There was one incident that broke me down spiritually. It concerned two boys about our age (around thirteen) who moved into the neighborhood. We included them in our neighborhood gatherings of playing games. Anyone out there remember playing kick the can or hide-and-go-seek? The one it
covered their eyes, counted to one hundred, and then went to look for the other ones who were hiding. Once found, the finder and the found raced back to a can placed on the ground, each hoping to get there first. The found tried to get there first so they could kick the can away and get to run off and hide again. If the finder got there first and put their foot on top of the can, the found was out of the game. The finder then went off to look for the others. If the one found got to kick the can, then all of the caught ones could run off again. If we needed to do something (such as go to the bathroom), we would call out, Ollie, ollie, in free,
which let everyone come in without being caught. We also played jacks, where we threw a little ball up into the air, and after only one bounce coming back down, we had to grab one jack without touching any others and catch the ball, then two jacks, then three jacks at once, and so on. If we touched another jack, or missed the ball, it would be the next person's turn. We also played dodgeball (sometimes we called it monkey in the middle). Others would form a circle. The one it
stood in the middle of the circle, while whoever had the ball tried to hit them with it. The one in the middle tried to dodge the ball.

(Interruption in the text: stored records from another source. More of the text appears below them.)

Lemma cdeg_clique T : is_clique adj T -> cdeg adj T = #|common_nbhd T|.
Proof.
move=> cT; rewrite /cdeg clique_extensionsE // card_in_imset //.
move=> w1 w2 /common_nbhd_notin w1T _ E.
by move: (setU11 w1 T); rewrite E in_setU1 (negbTE w1T) orbF => /eqP.
Qed.

Lemma clique_set1 x : is_clique adj [set x].
Proof. by apply/forall_inP => y /set1P ->; apply/forall_inP => z /set1P ->; rewrite eqxx. Qed.

Lemma clique_sub (S T : {set V}) : S \subset T -> is_clique adj T -> is_clique adj S.
Proof.
move=> /subsetP ST cT; apply/forall_inP => x xS; apply/forall_inP => y yS.
by apply/implyP; apply: clique_adj cT (ST x xS) (ST y yS).
Qed.

Lemma tclique3_set3 T : is_tclique adj 3 T ->
  exists a b c, [/\ a != b, a != c, b != c & T = [set a; b; c]].
Proof.
case/andP => _ /eqP T3; have /card_gt0P [a aT] : (0 < #|T|)%N by rewrite T3.
have /cards2P [b [c [bc Ta]]] : #|T :\ a| == 2%N.
  by move: T3; rewrite (cardsD1 a T) aT /= add1n => -[->].
have /setD1P [ba _] : b \in T :\ a by rewrite Ta !inE eqxx.
have /setD1P [ca _] : c \in T :\ a by rewrite Ta !inE eqxx orbT.
exists a, b, c; split; rewrite ?(eq_sym a) //.
apply/setP => z; rewrite !inE -orbA; have [-> | za] //= := eqVneq z a.
by rewrite -in_set2 -Ta !inE za.
Qed.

We also played red rover, red rover, send—right over, naming a person's name; and they would come running across the lawn and try to break through our team's line while we held on to each other's wrists to stop them from breaking through. Sometimes we played the games of monopoly, cards (crazy eights and old maid), marbles, and hopscotch—that's where we drew squares on the sidewalk in a pattern, numbered each square from one to ten, tossed a rock on the square, hopped on one foot, then both feet, then back to one foot without touching any line on each square, get to the rock, pick it up, and hop back to the number 1 square, again, without touching any line. I wonder if any children ever play any of those games today—too busy texting probably.
They were fun days, outdoor days, fresh-air days. They were good days until that fateful day concerning those two boys. My sister came to me one day and said she was bored. I suggested we go over to the boys' house and play monopoly. We asked for permission. Mother really didn't want us to go over there; she didn't think those boys were very nice boys. We kept up asking, and she gave in and let us go. We started the game, and about an hour or so later, I had to use the restroom. I asked them if I could use theirs. Sure,
came the answer. I felt strange and a little uncomfortable using their bathroom, so I asked my sister to come in with me, which she did. While I was sitting there, the boys said, Gloria, you show us yours and we'll show you ours.
I looked at my sister and asked her, What are they talking about?
She shrugged her shoulders, saying, I don't know.